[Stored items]
· · · · ·
(* For $k=3$ and $d\in[6.74,7.5]$, the equation $\Psi_d(x)=x$ has a unique solution in $[\frac38,\frac12]$.
   Context: For $k=3$: $\hat\Psi(x)=\frac{1-2x^{2}}{1-x^{2}}$, $\dot\Psi(v)=\frac{1-v^{d-1}}{2-v^{d-1}}$, $\Psi_d=\dot\Psi\circ\hat\Psi$ ($d$ real). *)

From Stdlib Require Import Reals.
Open Scope R_scope.

(* k = 3 specialisation of the maps in the paper. *)
Definition Psi_hat (x : R) : R := (1 - 2 * x ^ 2) / (1 - x ^ 2).
Definition Psi_dot (d v : R) : R := (1 - Rpower v (d - 1)) / (2 - Rpower v (d - 1)).
Definition Psi (d x : R) : R := Psi_dot d (Psi_hat x).

From Stdlib Require Import Reals Lra Lia Psatz Ranalysis5.
From Coquelicot Require Import Coquelicot.
Open Scope R_scope.

(* Write Psi d x = (1 - w) / (2 - w) with w = Psi_hat x ^ (d - 1).  Since Psi_hat
   decreases from 46/55 to 2/3 on [3/8, 1/2] and 17/3 < d - 1, every bound on w
   reduces to a bound on Psi_hat p ^ (17/3), which is certified by comparing the
   rational numbers Psi_hat p ^ 17 and c ^ 3.  Cellwise bounds of this kind give
   Psi d x > x on [3/8, 0.43]; on [0.43, 1/2] the estimate
   a^t - b^t <= t a^t (a/b - 1) gives Psi d y - Psi d x < y - x for x < y, so
   Psi d x - x is strictly decreasing there.  As Psi d (1/2) < 1/2, the
   intermediate value theorem yields a fixed point, which must lie in
   (0.43, 1/2], where it is unique. *)

Lemma Rpower_gt0 v t : 0 < Rpower v t.
Proof. exact (exp_pos _). Qed.

Lemma Rpower_antitone_le1 v s t : 0 < v <= 1 -> s <= t -> Rpower v t <= Rpower v s.
Proof.
  intros Hv Hst; unfold Rpower.
  assert (Hln : ln v <= 0) by (rewrite <- ln_1; apply ln_le; lra).
  destruct (Req_dec (t * ln v) (s * ln v)) as [E|Hne]; [rewrite E; lra|].
  left; apply exp_increasing; nra.
Qed.

Lemma Rpower_lt_of_pow_lt V c m n : 0 < V -> 0 < c -> (0 < n)%nat ->
  V ^ m < c ^ n -> Rpower V (INR m / INR n) < c.
Proof.
  intros HV Hc Hn Hpow.
  destruct (Rlt_or_le (Rpower V (INR m / INR n)) c) as [|Hge]; [assumption|].
  assert (E : Rpower V (INR m / INR n) ^ n = V ^ m).
  { rewrite <- Rpower_pow, Rpower_mult by apply Rpower_gt0.
    replace (INR m / INR n * INR n) with (INR m) by (field; apply not_0_INR; lia).
    exact (Rpower_pow m V HV). }
  pose proof (pow_incr c _ n (conj (Rlt_le _ _ Hc) Hge)); lra.
Qed.

(* From exp u >= 1 + u, applied to u = -t ln (a/b) and to u = ln (a/b). *)
Lemma Rpower_sub_le a b t : 0 < b <= a -> 0 <= t ->
  Rpower a t - Rpower b t <= t * Rpower a t * (a / b - 1).
Proof.
  intros Hab Ht.
  assert (Hab' : 0 < a / b) by (apply Rdiv_lt_0_compat; lra).
  set (l := ln (a / b)).
  assert (Hl : l <= a / b - 1).
  { pose proof (exp_ineq1_le l) as H; unfold l in *; rewrite exp_ln in H; lra. }
  assert (Eb : Rpower b t = Rpower a t * exp (- (t * l))).
  { unfold Rpower, l; rewrite ln_div by lra; rewrite <- exp_plus; f_equal; ring. }
  pose proof (Rpower_gt0 a t) as Hat.
  assert (H1 : Rpower a t * (1 - t * l) <= Rpower a t * exp (- (t * l))).
  { apply Rmult_le_compat_l; [lra|]. pose proof (exp_ineq1_le (- (t * l))); lra. }
  assert (H2 : Rpower a t * (t * l) <= Rpower a t * (t * (a / b - 1))).
  { apply Rmult_le_compat_l; [lra|]. apply Rmult_le_compat_l; lra. }
  rewrite Eb; lra.
Qed.

Lemma strict_antitone_join (G : R -> R) a b c :
  (forall x y, a <= x -> x < y -> y <= b -> G y < G x) ->
  (forall x y, b <= x -> x < y -> y <= c -> G y < G x) ->
  forall x y, a <= x -> x < y -> y <= c -> G y < G x.
Proof.
  intros Hab Hbc x y Hx Hxy Hy.
  destruct (Rle_lt_dec y b); [apply Hab; lra|].
  destruct (Rle_lt_dec b x); [apply Hbc; lra|].
  apply Rlt_le_trans with (G b); [apply Hbc; lra|].
  destruct (Req_dec x b) as [->|]; [lra|].
  left; apply Hab; lra.
Qed.

Lemma Psi_hat_antitone x y : 0 <= x <= y -> y < 1 -> Psi_hat y <= Psi_hat x.
Proof.
  intros Hxy Hy.
  assert (E : forall z, z ^ 2 < 1 -> Psi_hat z = 2 - / (1 - z ^ 2)).
  { intros z Hz; unfold Psi_hat; field; lra. }
  rewrite !E by nra.
  assert (/ (1 - x ^ 2) <= / (1 - y ^ 2)) by (apply Rinv_le_contravar; nra).
  lra.
Qed.

Lemma Psi_hat_in_01 x : 2 * x ^ 2 < 1 -> 0 < Psi_hat x <= 1.
Proof.
  intros Hx; unfold Psi_hat.
  assert (0 < 1 - x ^ 2) by nra.
  split; [apply Rdiv_lt_0_compat; lra|].
  apply Rle_div_l; nra.
Qed.

Lemma Psi_hat_ratio x y : 0 <= x <= y -> 2 * y ^ 2 < 1 ->
  Psi_hat x / Psi_hat y - 1 = (y - x) * ((x + y) / ((1 - x ^ 2) * (1 - 2 * y ^ 2))).
Proof. intros; unfold Psi_hat; field; repeat split; nra. Qed.

Lemma Psi_hat_ratio_le x y q : 0 <= x <= y -> y <= q -> 2 * q ^ 2 < 1 ->
  Psi_hat x / Psi_hat y - 1 <= (y - x) * (2 * q / ((1 - q ^ 2) * (1 - 2 * q ^ 2))).
Proof.
  intros Hxy Hyq Hq.
  rewrite Psi_hat_ratio by nra.
  apply Rmult_le_compat_l; [lra|].
  unfold Rdiv; apply Rmult_le_compat; [lra| |lra|].
  - left; apply Rinv_0_lt_compat, Rmult_lt_0_compat; nra.
  - apply Rinv_le_contravar; [apply Rmult_lt_0_compat; nra|].
    apply Rmult_le_compat; nra.
Qed.

Lemma Rpower_Psi_hat_le1 d x : 1 <= d -> 2 * x ^ 2 < 1 -> Rpower (Psi_hat x) (d - 1) <= 1.
Proof.
  intros Hd Hx.
  pose proof (Psi_hat_in_01 x Hx).
  rewrite <- (Rpower_O (Psi_hat x)) at 2 by lra.
  apply Rpower_antitone_le1; lra.
Qed.

Lemma Psi_continuous d x : 1 <= d -> 2 * x ^ 2 < 1 -> continuity_pt (Psi d) x.
Proof.
  intros Hd Hx.
  assert (H1 : 1 - x ^ 2 <> 0) by nra.
  assert (Hv : 0 < Psi_hat x) by apply (Psi_hat_in_01 x Hx).
  assert (Hw : 2 - Rpower (Psi_hat x) (d - 1) <> 0)
    by (pose proof (Rpower_Psi_hat_le1 d x Hd Hx); lra).
  apply continuity_pt_filterlim, (ex_derive_continuous (Psi d)).
  unfold Psi, Psi_dot, Rpower, Psi_hat in *.
  auto_derive.
  repeat split; assumption.
Qed.

Definition Psi_dot_w (w : R) : R := (1 - w) / (2 - w).

Lemma Psi_dotE d v : Psi_dot d v = Psi_dot_w (Rpower v (d - 1)).
Proof. reflexivity. Qed.

Lemma lt_Psi_dot_w x w : 0 <= w -> x < 1 -> w * (1 - x) < 1 - 2 * x -> x < Psi_dot_w w.
Proof. intros Hw Hx H; unfold Psi_dot_w; apply Rlt_div_r; nra. Qed.

Lemma Psi_dot_w_lt_half w : 0 < w < 2 -> Psi_dot_w w < 1/2.
Proof. intros Hw; unfold Psi_dot_w; apply Rlt_div_l; lra. Qed.

Lemma Psi_dot_w_sub_lt wx wy W δ M : 0 <= wx <= W -> 0 <= wy <= W -> W < 2 -> 0 < δ ->
  wx - wy <= δ * M -> M < (2 - W) ^ 2 -> Psi_dot_w wy - Psi_dot_w wx < δ.
Proof.
  intros Hx Hy HW Hδ Hsub HM; unfold Psi_dot_w.
  assert (HD : (2 - W) ^ 2 <= (2 - wx) * (2 - wy)) by nra.
  replace ((1 - wy) / (2 - wy) - (1 - wx) / (2 - wx))
    with ((wx - wy) / ((2 - wx) * (2 - wy))) by (field; lra).
  apply Rlt_div_l; nra.
Qed.

Section FixedPoint.

Variable d : R.
Hypothesis hd : 674/100 <= d <= 15/2.

Lemma Rpower_Psi_hat_lt p x c : 3/8 <= p <= x -> x <= 1/2 -> 0 < c ->
  Psi_hat p ^ 17 < c ^ 3 -> Rpower (Psi_hat x) (d - 1) < c.
Proof.
  intros Hpx Hx Hc Hcert.
  pose proof (Psi_hat_in_01 p ltac:(nra)) as Hp.
  pose proof (Psi_hat_in_01 x ltac:(nra)).
  apply Rle_lt_trans with (Rpower (Psi_hat x) (17/3)); [apply Rpower_antitone_le1; lra|].
  apply Rle_lt_trans with (Rpower (Psi_hat p) (17/3)).
  { apply Rle_Rpower_l; [lra|]. split; [lra|]. apply Psi_hat_antitone; lra. }
  replace (17/3) with (INR 17 / INR 3) by (simpl; lra).
  apply Rpower_lt_of_pow_lt; [lra|lra|lia|exact Hcert].
Qed.

Lemma Psi_gt_id_cell p q c x : 3/8 <= p <= x -> x <= q <= 1/2 -> 0 < c ->
  Psi_hat p ^ 17 < c ^ 3 -> c * (1 - q) < 1 - 2 * q -> x < Psi d x.
Proof.
  intros Hpx Hxq Hc Hcert Hq.
  pose proof (Rpower_Psi_hat_lt p x c Hpx ltac:(lra) Hc Hcert).
  pose proof (Rpower_gt0 (Psi_hat x) (d - 1)).
  assert (c < 1) by nra.
  unfold Psi; rewrite Psi_dotE.
  apply lt_Psi_dot_w; nra.
Qed.

Lemma Psi_gt_id x : 3/8 <= x <= 43/100 -> x < Psi d x.
Proof.
  intros Hx.
  destruct (Rle_lt_dec x (77/200)).
  { apply (Psi_gt_id_cell (3/8) (77/200) (4/11)); unfold Psi_hat; lra. }
  destruct (Rle_lt_dec x (79/200)).
  { apply (Psi_gt_id_cell (77/200) (79/200) (9/26)); unfold Psi_hat; lra. }
  destruct (Rle_lt_dec x (81/200)).
  { apply (Psi_gt_id_cell (79/200) (81/200) (6/19)); unfold Psi_hat; lra. }
  destruct (Rle_lt_dec x (83/200)).
  { apply (Psi_gt_id_cell (81/200) (83/200) (9/31)); unfold Psi_hat; lra. }
  destruct (Rle_lt_dec x (21/50)).
  { apply (Psi_gt_id_cell (83/200) (21/50) (3/11)); unfold Psi_hat; lra. }
  destruct (Rle_lt_dec x (17/40)).
  { apply (Psi_gt_id_cell (21/50) (17/40) (7/27)); unfold Psi_hat; lra. }
  apply (Psi_gt_id_cell (17/40) (43/100) (10/41)); unfold Psi_hat; lra.
Qed.

(* 13/2 bounds d - 1, and 2q / ((1 - q^2) (1 - 2 q^2)) is the slope bound of
   Psi_hat_ratio_le. *)
Lemma Psi_sub_id_decr_cell p q W x y : 3/8 <= p <= x -> x < y <= q -> q <= 1/2 ->
  0 < W < 2 -> Psi_hat p ^ 17 < W ^ 3 ->
  13/2 * W * (2 * q / ((1 - q ^ 2) * (1 - 2 * q ^ 2))) < (2 - W) ^ 2 ->
  Psi d y - y < Psi d x - x.
Proof.
  intros Hpx Hxy Hq HW Hcert Hslope.
  pose proof (Psi_hat_in_01 y ltac:(nra)).
  pose proof (Psi_hat_antitone x y ltac:(lra) ltac:(lra)).
  pose proof (Psi_hat_ratio_le x y q ltac:(lra) ltac:(lra) ltac:(nra)) as Hratio.
  pose proof (Rpower_sub_le (Psi_hat x) (Psi_hat y) (d - 1) ltac:(lra) ltac:(lra)) as Hsub.
  pose proof (Rpower_Psi_hat_lt p x W ltac:(lra) ltac:(lra) ltac:(lra) Hcert).
  pose proof (Rpower_Psi_hat_lt p y W ltac:(lra) ltac:(lra) ltac:(lra) Hcert).
  pose proof (Rpower_gt0 (Psi_hat x) (d - 1)).
  pose proof (Rpower_gt0 (Psi_hat y) (d - 1)).
  set (L := 2 * q / ((1 - q ^ 2) * (1 - 2 * q ^ 2))) in *.
  assert (HL : 0 <= L).
  { apply Rle_mult_inv_pos; [lra|]. apply Rmult_lt_0_compat; nra. }
  unfold Psi; rewrite !Psi_dotE.
  set (wx := Rpower (Psi_hat x) (d - 1)) in *.
  set (wy := Rpower (Psi_hat y) (d - 1)) in *.
  assert (Hlip : wx - wy <= (y - x) * ((d - 1) * wx * L)).
  { assert ((d - 1) * wx * (Psi_hat x / Psi_hat y - 1) <= (d - 1) * wx * ((y - x) * L))
      by (apply Rmult_le_compat_l; [apply Rmult_le_pos|]; lra).
    lra. }
  assert (HM : (d - 1) * wx * L < (2 - W) ^ 2).
  { assert ((d - 1) * wx * L <= 13/2 * W * L)
      by (apply Rmult_le_compat_r; [|apply Rmult_le_compat]; lra).
    lra. }
  enough (Psi_dot_w wy - Psi_dot_w wx < y - x) by lra.
  apply (Psi_dot_w_sub_lt wx wy W (y - x) ((d - 1) * wx * L)); lra.
Qed.

Lemma Psi_sub_id_decr x y : 43/100 <= x -> x < y -> y <= 1/2 -> Psi d y - y < Psi d x - x.
Proof.
  revert x y.
  apply (strict_antitone_join (fun z => Psi d z - z) _ (44/100)).
  { intros x y Hx Hxy Hy.
    apply (Psi_sub_id_decr_cell (43/100) (44/100) (233/1000)); unfold Psi_hat; lra. }
  apply (strict_antitone_join _ _ (47/100)).
  { intros x y Hx Hxy Hy.
    apply (Psi_sub_id_decr_cell (44/100) (47/100) (53/250)); unfold Psi_hat; lra. }
  intros x y Hx Hxy Hy.
  apply (Psi_sub_id_decr_cell (47/100) (1/2) (19/125)); unfold Psi_hat; lra.
Qed.

Lemma Psi_fixed_point_exists : exists x, 3/8 <= x <= 1/2 /\ Psi d x = x.
Proof.
  assert (Hlo : 3/8 - Psi d (3/8) < 0) by (pose proof (Psi_gt_id (3/8)); lra).
  assert (Hhi : 0 < 1/2 - Psi d (1/2)).
  { unfold Psi; rewrite Psi_dotE.
    pose proof (Rpower_Psi_hat_le1 d (1/2) ltac:(lra) ltac:(lra)).
    pose proof (Rpower_gt0 (Psi_hat (1/2)) (d - 1)).
    pose proof (Psi_dot_w_lt_half (Rpower (Psi_hat (1/2)) (d - 1)) ltac:(lra)).
    lra. }
  destruct (IVT_interv (fun z => z - Psi d z) (3/8) (1/2)) as [x [Hx Hfx]];
    [|lra|exact Hlo|exact Hhi|].
  - intros a Ha.
    apply (continuity_pt_minus id (Psi d)).
    + apply derivable_continuous_pt, derivable_pt_id.
    + apply Psi_continuous; nra.
  - exists x; split; [exact Hx|lra].
Qed.

Lemma Psi_fixed_point_gt x : 3/8 <= x <= 1/2 -> Psi d x = x -> 43/100 < x.
Proof.
  intros Hx Hfx.
  destruct (Rle_lt_dec x (43/100)); [|assumption].
  pose proof (Psi_gt_id x ltac:(lra)); lra.
Qed.

End FixedPoint.

Theorem lemma4p1 (d : R) (hd : 674/100 <= d <= 15/2) :
  exists! x : R, 3/8 <= x <= 1/2 /\ Psi d x = x.
Proof.
  destruct (Psi_fixed_point_exists d hd) as [x [Hx Hfx]].
  exists x; split; [split; assumption|].
  intros y [Hy Hfy].
  pose proof (Psi_fixed_point_gt d hd x Hx Hfx).
  pose proof (Psi_fixed_point_gt d hd y Hy Hfy).
  destruct (Rtotal_order x y) as [Hxy|[Hxy|Hxy]]; [|exact Hxy|].
  - pose proof (Psi_sub_id_decr d hd x y ltac:(lra) Hxy ltac:(lra)); lra.
  - pose proof (Psi_sub_id_decr d hd y x ltac:(lra) Hxy ltac:(lra)); lra.
Qed.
· · · · ·
Please reproduce the lines from the line with "by (pose proof (Rpower_Psi_hat_le1" to the line with "Lemma Psi_gt_id x", both ends included, exactly as they appear above.

▶ **Exercise result**:
    by (pose proof (Rpower_Psi_hat_le1 d x Hd Hx); lra).
  apply continuity_pt_filterlim, (ex_derive_continuous (Psi d)).
  unfold Psi, Psi_dot, Rpower, Psi_hat in *.
  auto_derive.
  repeat split; assumption.
Qed.

Definition Psi_dot_w (w : R) : R := (1 - w) / (2 - w).

Lemma Psi_dotE d v : Psi_dot d v = Psi_dot_w (Rpower v (d - 1)).
Proof. reflexivity. Qed.

Lemma lt_Psi_dot_w x w : 0 <= w -> x < 1 -> w * (1 - x) < 1 - 2 * x -> x < Psi_dot_w w.
Proof. intros Hw Hx H; unfold Psi_dot_w; apply Rlt_div_r; nra. Qed.

Lemma Psi_dot_w_lt_half w : 0 < w < 2 -> Psi_dot_w w < 1/2.
Proof. intros Hw; unfold Psi_dot_w; apply Rlt_div_l; lra. Qed.

Lemma Psi_dot_w_sub_lt wx wy W δ M : 0 <= wx <= W -> 0 <= wy <= W -> W < 2 -> 0 < δ ->
  wx - wy <= δ * M -> M < (2 - W) ^ 2 -> Psi_dot_w wy - Psi_dot_w wx < δ.
Proof.
  intros Hx Hy HW Hδ Hsub HM; unfold Psi_dot_w.
  assert (HD : (2 - W) ^ 2 <= (2 - wx) * (2 - wy)) by nra.
  replace ((1 - wy) / (2 - wy) - (1 - wx) / (2 - wx))
    with ((wx - wy) / ((2 - wx) * (2 - wy))) by (field; lra).
  apply Rlt_div_l; nra.
Qed.

Section FixedPoint.

Variable d : R.
Hypothesis hd : 674/100 <= d <= 15/2.

Lemma Rpower_Psi_hat_lt p x c : 3/8 <= p <= x -> x <= 1/2 -> 0 < c ->
  Psi_hat p ^ 17 < c ^ 3 -> Rpower (Psi_hat x) (d - 1) < c.
Proof.
  intros Hpx Hx Hc Hcert.
  pose proof (Psi_hat_in_01 p ltac:(nra)) as Hp.
  pose proof (Psi_hat_in_01 x ltac:(nra)).
  apply Rle_lt_trans with (Rpower (Psi_hat x) (17/3)); [apply Rpower_antitone_le1; lra|].
  apply Rle_lt_trans with (Rpower (Psi_hat p) (17/3)).
  { apply Rle_Rpower_l; [lra|]. split; [lra|]. apply Psi_hat_antitone; lra. }
  replace (17/3) with (INR 17 / INR 3) by (simpl; lra).
  apply Rpower_lt_of_pow_lt; [lra|lra|lia|exact Hcert].
Qed.

Lemma Psi_gt_id_cell p q c x : 3/8 <= p <= x -> x <= q <= 1/2 -> 0 < c ->
  Psi_hat p ^ 17 < c ^ 3 -> c * (1 - q) < 1 - 2 * q -> x < Psi d x.
Proof.
  intros Hpx Hxq Hc Hcert Hq.
  pose proof (Rpower_Psi_hat_lt p x c Hpx ltac:(lra) Hc Hcert).
  pose proof (Rpower_gt0 (Psi_hat x) (d - 1)).
  assert (c < 1) by nra.
  unfold Psi; rewrite Psi_dotE.
  apply lt_Psi_dot_w; nra.
Qed.

Lemma Psi_gt_id x : 3/8 <= x <= 43/100 -> x < Psi d x.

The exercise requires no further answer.